Algunos de los componentes principales del marco YARN son:

  • ResourceManager: el componente ResourceManager es el negociador en un clúster para todos los recursos presentes en ese clúster. Además, este componente se clasifica en un administrador de aplicaciones que se encarga de administrar los trabajos de los usuarios. Desde Hadoop 2.0, cualquier trabajo de MapReduce se considerará como una aplicación.
  • ApplicationMaster: este componente es el lugar en el que existe un trabajo o una aplicación. También administra todos los trabajos de MapReduce y concluye después de que se completa el procesamiento del trabajo.
  • NodeManager: el componente del administrador de nodos actúa como el servidor para el historial de trabajos. Es responsable de asegurar la información de los trabajos completados. También realiza un seguimiento de los trabajos de los usuarios junto con su flujo de trabajo para un nodo en particular.
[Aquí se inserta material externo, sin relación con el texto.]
(* For $k=2$, every initial store $IS\in\{\Box,\blacksquare\}^2$ and all $i,j\in\{1,2\}$, there is no correct compositional translation from $\mathrm{SYNCSIMPLE}$ into $\mathrm{LOCKSIMPLE}_{2,IS}$ of blocking type $(P_iP_i,P_jP_j)$.
   Context: $\mathrm{SYNCSIMPLE}$: subprocesses $\mathcal{U} ::= \checkmark \mid 0 \mid\, !\mathcal{U} \mid\, ?\mathcal{U}$; processes are finite parallel compositions $\mathcal{U}_1\mid\cdots\mid\mathcal{U}_n$ ($\mid$ associative, commutative, $0$ a unit). Reduction: $!\mathcal{U}_1\mid ?\mathcal{U}_2\mid \mathcal{P}\to \mathcal{U}_1\mid\mathcal{U}_2\mid\mathcal{P}$. Successful: of form $\checkmark\mid\mathcal{P}$; may-convergent: reduces to a successful process; must-convergent: every reachable process is may-convergent. $\mathrm{LOCKSIMPLE}_{k,IS}$ ($IS\in\{\Box,\blacksquare\}^k$, $\Box$ empty, $\blacksquare$ full): subprocesses are words over $\{P_1,T_1,\dots,P_k,T_k\}$ followed by $0$ or $\checkmark$; states $(\mathcal{P},C)$ reduce by $(P_i\mathcal{U}\mid\mathcal{P},C)\to(\mathcal{U}\mid\mathcal{P},C[C_i:=\blacksquare])$ only if $C_i=\Box$, and $(T_i\mathcal{U}\mid\mathcal{P},C)\to(\mathcal{U}\mid\mathcal{P},C[C_i:=\Box])$ always. Success = process contains $\checkmark$; a process $\mathcal{P}$ is may/must-convergent iff the state $(\mathcal{P},IS)$ is. A compositional translation $\tau$ is given by words $\tau(!),\tau(?)$ with $\tau(0)=0$, $\tau(\checkmark)=\checkmark$, $\tau(!\mathcal{U})=\tau(!)\tau(\mathcal{U})$, $\tau(?\mathcal{U})=\tau(?)\tau(\mathcal{U})$, $\tau$ commuting with $\mid$; correct = preserves and reflects may- and must-convergence. Blocking type: for a word $S$, run $S$ as a single subprocess from $IS$; if it gets stuck at an occurrence of $P_i$, that occurrence ends the blocking prefix; if it is the first symbol from $\{P_i,T_i\}$ in $S$ (prefix $RP_i$, $R$ without $P_i,T_i$) the blocking type is $P_i$, otherwise the prefix has form $R_1P_iR_2P_i$, $R_2$ without $P_i,T_i$, and the blocking type is $P_iP_i$. $\tau$ has blocking type $(W_1,W_2)$ if $\tau(!)$ has type $W_1$ and $\tau(?)$ type $W_2$. *)

From mathcomp Require Import ssreflect ssrfun ssrbool eqtype ssrnat seq fintype.
From Stdlib Require Import Permutation Relation_Operators.

Set Implicit Arguments.
Unset Strict Implicit.
Unset Printing Implicit Defensive.

Definition may_conv {S : Type} (step : S -> S -> Prop) (succ : S -> Prop) (x : S) : Prop :=
  exists y, clos_refl_trans S step x y /\ succ y.
Definition must_conv {S : Type} (step : S -> S -> Prop) (succ : S -> Prop) (x : S) : Prop :=
  forall y, clos_refl_trans S step x y -> may_conv step succ y.

Inductive SU : Type :=
| STick : SU
| SZero : SU
| SSnd : SU -> SU
| SRcv : SU -> SU.

(* Processes: finite parallel compositions, as lists up to permutation. *)
Definition SProc := list SU.

Inductive sstep : SProc -> SProc -> Prop :=
| sstep_sync u1 u2 rest P :
    Permutation P (SSnd u1 :: SRcv u2 :: rest) ->
    sstep P (u1 :: u2 :: rest).

Definition ssucc (P : SProc) : Prop := exists rest, Permutation P (STick :: rest).

Definition s_may (P : SProc) := may_conv sstep ssucc P.
Definition s_must (P : SProc) := must_conv sstep ssucc P.

(* Locks are indexed by 'I_k (lock number i+1 of the paper is the ordinal i). *)
Inductive Sym (k : nat) : Type :=
| LP : 'I_k -> Sym k
| LT : 'I_k -> Sym k.

(* A subprocess is a word followed by 0 (false) or checkmark (true). *)
Definition LU (k : nat) := (list (Sym k) * bool)%type.
Definition LProc (k : nat) := list (LU k).
(* Store: true = full (black square), false = empty (white square). *)
Definition Store (k : nat) := 'I_k -> bool.
Definition upd k (C : Store k) (i : 'I_k) (b : bool) : Store k :=
  fun j => if j == i then b else C j.
Definition LState (k : nat) := (LProc k * Store k)%type.

Inductive lstep (k : nat) : LState k -> LState k -> Prop :=
| lstep_P (P : LProc k) (C : Store k) i w e rest :
    Permutation P ((LP i :: w, e) :: rest) -> C i = false ->
    lstep (P, C) ((w, e) :: rest, upd C i true)
| lstep_T (P : LProc k) (C : Store k) i w e rest :
    Permutation P ((LT i :: w, e) :: rest) ->
    lstep (P, C) ((w, e) :: rest, upd C i false).

Definition lsucc k (s : LState k) : Prop :=
  exists rest, Permutation s.1 ((nil, true) :: rest).

Definition l_may k (IS : Store k) (P : LProc k) := may_conv (@lstep k) (@lsucc k) (P, IS).
Definition l_must k (IS : Store k) (P : LProc k) := must_conv (@lstep k) (@lsucc k) (P, IS).

(* Given by the words tsnd = tau(!) and trcv = tau(?). *)
Fixpoint tr_sub k (tsnd trcv : list (Sym k)) (u : SU) : LU k :=
  match u with
  | STick => (nil, true)
  | SZero => (nil, false)
  | SSnd u' => (tsnd ++ (tr_sub tsnd trcv u').1, (tr_sub tsnd trcv u').2)
  | SRcv u' => (trcv ++ (tr_sub tsnd trcv u').1, (tr_sub tsnd trcv u').2)
  end.

Definition tr_proc k (tsnd trcv : list (Sym k)) (P : SProc) : LProc k :=
  List.map (tr_sub tsnd trcv) P.

Definition correct_translation k (IS : Store k) (tsnd trcv : list (Sym k)) : Prop :=
  forall P : SProc,
    (s_may P <-> l_may IS (tr_proc tsnd trcv P)) /\
    (s_must P <-> l_must IS (tr_proc tsnd trcv P)).

(* Run a word as a single subprocess; None = gets stuck. *)
Fixpoint exec k (C : Store k) (w : list (Sym k)) : option (Store k) :=
  match w with
  | nil => Some C
  | LP i :: w' => if C i then None else exec (upd C i true) w'
  | LT i :: w' => exec (upd C i false) w'
  end.

Inductive BType (k : nat) : Type :=
| BT_P : 'I_k -> BType k
| BT_PP : 'I_k -> BType k.

Definition no_idx k (i : 'I_k) (R : list (Sym k)) : Prop :=
  ~ List.In (LP i) R /\ ~ List.In (LT i) R.

(* The blocking prefix of S (run from IS) is R ++ [P_i]: R runs without
   getting stuck and then P_i gets stuck. *)
Definition blocking_prefix k (IS : Store k) (S : list (Sym k)) (R : list (Sym k)) (i : 'I_k) : Prop :=
  exists rest C, S = R ++ LP i :: rest /\ exec IS R = Some C /\ C i = true.

Definition has_btype k (IS : Store k) (S : list (Sym k)) (bt : BType k) : Prop :=
  match bt with
  | BT_P i => exists R, blocking_prefix IS S R i /\ no_idx i R
  | BT_PP i => exists R1 R2, blocking_prefix IS S (R1 ++ LP i :: R2) i /\ no_idx i R2
  end.

Definition translation_btype k (IS : Store k) (tsnd trcv : list (Sym k)) (b1 b2 : BType k) : Prop :=
  has_btype IS tsnd b1 /\ has_btype IS trcv b2.

(* A correct translation keeps the must-convergent processes !✓ | ?0, !0 | ?✓, !✓ | ?!0 and
   !?0 | ?✓ must-convergent: no interleaving of the two translated threads may get stuck
   before ✓ shows up. If τ(!) gets stuck at P_i, the first i-symbol of τ(?) cannot be P_i,
   for running τ(!) to its block and then τ(?) as far as it goes would deadlock !✓ | ?0; and
   symmetrically. When both words block on the same lock, this forces a word's blocking
   prefix, run after the other one's, to stop at a full lock as well, again a deadlock.
   When they block on the two different locks, each word gets stuck at its own lock from
   every store. Then let the two threads alternate, each running until it waits on its own
   lock again: the words shrink at every round, so this ends in a deadlock, where a thread
   that terminates is followed by a second copy of the other word in !✓ | ?!0 or !?0 | ?✓. *)

From mathcomp Require Import ssreflect ssrfun ssrbool eqtype ssrnat seq fintype.
From mathcomp Require Import zify.
From Stdlib Require Import Permutation Relation_Operators Operators_Properties.

Set Implicit Arguments.
Unset Strict Implicit.
Unset Printing Implicit Defensive.

Lemma clos_refl_trans_map (A B : Type) (R : A -> A -> Prop) (R' : B -> B -> Prop)
    (f : A -> B) :
  (forall x y, R x y -> R' (f x) (f y)) ->
  forall x y, clos_refl_trans A R x y -> clos_refl_trans B R' (f x) (f y).
Proof.
move=> fR x y; elim=> [x' y' /fR|x'|x' y' z' _ rxy _ ryz]; first exact: rt_step.
- exact: rt_refl.
- exact: rt_trans rxy ryz.
Qed.

Lemma ord2_other (a b c : 'I_2) : a != b -> c != a -> c = b.
Proof.
by case: a b c => [[|[|?]] ?] [[|[|?]] ?] [[|[|?]] ?] //= _ _; apply: val_inj.
Qed.

Section Words.
Variable k : nat.
Implicit Types (C D : Store k) (u v w R : seq (Sym k)) (i c : 'I_k).

Definition sym_lock (s : Sym k) : 'I_k := match s with LP i | LT i => i end.

Definition locks w : seq 'I_k := map sym_lock w.

Definition halted C w : bool :=
  match w with [::] => true | LP i :: _ => C i | LT _ :: _ => false end.

Definition opens_with_P w i : Prop :=
  exists u v, w = u ++ LP i :: v /\ i \notin locks u.

Definition blocks_at C w i : Prop := exists R, blocking_prefix C w R i.

Lemma in_locks_mid R1 R2 i : i \in locks (R1 ++ LP i :: R2).
Proof. by rewrite /locks map_cat mem_cat inE eqxx orbT. Qed.

Lemma upd_eq C i b : upd C i b i = b.
Proof. by rewrite /upd eqxx. Qed.

Lemma upd_neq C i c b : c != i -> upd C i b c = C c.
Proof. by rewrite /upd => /negbTE ->. Qed.

Lemma halted_cat_P C u v i : halted C u -> C i -> halted C (u ++ LP i :: v).
Proof. by case: u => [|[] ? ?]. Qed.

Lemma exec_cat C u v : exec C (u ++ v) = obind (fun D => exec D v) (exec C u).
Proof. by elim: u C => [|[] i u IH] C //=; case: (C i). Qed.

Lemma exec_frame C D w c : exec C w = Some D -> c \notin locks w -> D c = C c.
Proof.
elim: w C => [|[] i w IH] C /=; first by case=> ->.
- case: (C i) => // /IH; rewrite inE negb_or => frame /andP[ci cw].
  by rewrite frame // upd_neq.
- move=> /IH frame; rewrite inE negb_or => /andP[ci cw].
  by rewrite frame // upd_neq.
Qed.

Lemma exec_agree C1 C2 D1 D2 w c :
  exec C1 w = Some D1 -> exec C2 w = Some D2 -> c \in locks w -> D1 c = D2 c.
Proof.
elim: w C1 C2 => [|s w IH] C1 C2 //.
have step b i : exec (upd C1 i b) w = Some D1 -> exec (upd C2 i b) w = Some D2 ->
    c \in i :: locks w -> D1 c = D2 c.
  move=> E1 E2; case cw: (c \in locks w); first by move=> _; exact: IH E1 E2 cw.
  rewrite inE cw orbF => /eqP ci; subst c.
  by rewrite (exec_frame E1) ?(exec_frame E2) ?cw ?upd_eq.
case: s => i /=; last exact: step.
by case: (C1 i) => //; case: (C2 i) => //; exact: step.
Qed.

Lemma exec_max C w : exists u v D, w = u ++ v /\ exec C u = Some D /\ halted D v.
Proof.
elim: w C => [|[] i w IH] C; first by exists [::], [::], C.
- case Ci: (C i); first by exists [::], (LP i :: w), C.
  have [u [v [D [-> [Eu hv]]]]] := IH (upd C i true).
  by exists (LP i :: u), v, D; rewrite /= Ci.
- have [u [v [D [-> [Eu hv]]]]] := IH (upd C i false).
  by exists (LT i :: u), v, D.
Qed.

Lemma exec_None_blocking C w : exec C w = None -> exists R i, blocking_prefix C w R i.
Proof.
have [u [v [D [-> [Eu hv]]]]] := exec_max C w.
rewrite exec_cat Eu /=; case: v hv => [|[] i v] //= Di _.
by exists u, i, v, D.
Qed.

Lemma blocking_prefix_frame C w R c :
  blocking_prefix C w R c -> c \notin locks R -> C c.
Proof. by move=> [rest [D [_ [ER Dc]]]] cR; rewrite -(exec_frame ER cR). Qed.

Lemma blocking_prefix_catr C u v R c :
  blocking_prefix C u R c -> blocking_prefix C (u ++ v) R c.
Proof. by move=> [rest [D [-> ER]]]; exists (rest ++ v), D; rewrite -catA. Qed.

Lemma opens_with_P_blocking C w R c :
  blocking_prefix C w R c -> c \notin locks R -> opens_with_P w c.
Proof. by move=> [rest [D [Ew _]]] cR; exists R, rest. Qed.

Lemma exec_diverge C1 C2 D1 w :
  exec C1 w = Some D1 -> exec C2 w = None ->
  exists R c, [/\ blocking_prefix C2 w R c, c \notin locks R & C1 c = false].
Proof.
move=> E1 /exec_None_blocking [R [c [rest [D [Ew [ER Dc]]]]]].
move: E1; rewrite Ew exec_cat; case E1R: (exec C1 R) => [D1'|] //=.
case D1c: (D1' c) => // _.
have cR : c \notin locks R.
  by apply/negP => cR; rewrite (exec_agree E1R ER cR) Dc in D1c.
exists R, c; split => //; first by exists rest, D.
by rewrite -(exec_frame E1R cR).
Qed.

Lemma blocks_at_any C0 w R a :
  blocking_prefix C0 w R a -> a \in locks R ->
  (forall c, opens_with_P w c -> c = a) -> forall C, blocks_at C w a.
Proof.
move=> [rest [D0 [Ew [ER D0a]]]] aR opens C.
case EC: (exec C R) => [D|].
  by exists R, rest, D; rewrite -(exec_agree ER EC aR).
have [R' [c [bc cR' _]]] := exec_diverge ER EC.
have bw : blocking_prefix C w R' c by rewrite Ew; exact: blocking_prefix_catr.
have ca := opens _ (opens_with_P_blocking bw cR').
by exists R'; rewrite -ca.
Qed.

End Words.

Section Threads.
Variable k : nat.
Implicit Types (C D : Store k) (u x y : seq (Sym k)).

Definition conf := (seq (Sym k) * seq (Sym k) * Store k)%type.

Inductive step2 : conf -> conf -> Prop :=
| step2_l s x y C D : exec C [:: s] = Some D -> step2 (s :: x, y, C) (x, y, D)
| step2_r s x y C D : exec C [:: s] = Some D -> step2 (x, s :: y, C) (x, y, D).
Teniendo en cuenta que el marco YARN tiene diferentes componentes para administrar las diferentes tareas, veamos cómo contrarresta las limitaciones de Hadoop 1.0.

  • Mejor utilización de los recursos: el marco YARN no tiene espacios fijos para las tareas. Proporciona un administrador de recursos central que le permite compartir múltiples aplicaciones a través de un recurso común.
  • Ejecución de aplicaciones que no son de MapReduce: en YARN, las capacidades de programación y gestión de recursos están separadas del componente de procesamiento de datos. Esto permite que Hadoop ejecute diversos tipos de aplicaciones que no se ajustan a la programación del marco Hadoop. Los clústeres de Hadoop ahora son capaces de ejecutar consultas interactivas independientes y realizar un mejor análisis en tiempo real.
  • Compatibilidad con versiones anteriores: YARN viene como un marco compatible con versiones anteriores, lo que significa que cualquier trabajo existente de MapReduce se puede ejecutar en Hadoop 2.0.
  • JobTracker ya no existe: las dos funciones principales de JobTracker eran la gestión de recursos y la programación de trabajos. Con la introducción del marco YARN, ahora se segregan en dos componentes separados, a saber:
    • NodeManager
    • Administrador de recursos

Conclusión

La introducción del marco YARN ha facilitado la creación de aplicaciones para desarrolladores de Hadoop. Ahora, ya no se requiere que las aplicaciones se implementen con herramientas de terceros. YARN es un gran cambio que permitirá a los usuarios considerar Hadoop 2.0 para crear aplicaciones y manipular datos de manera más efectiva. Con el tiempo, habrá más desarrollos para mejorar la usabilidad de Hadoop. Por ahora, el marco YARN desempeñará un papel crucial en el tratamiento de los problemas existentes y en la creación de un entorno sin complicaciones que sea más versátil que la versión anterior del modelo MapReduce.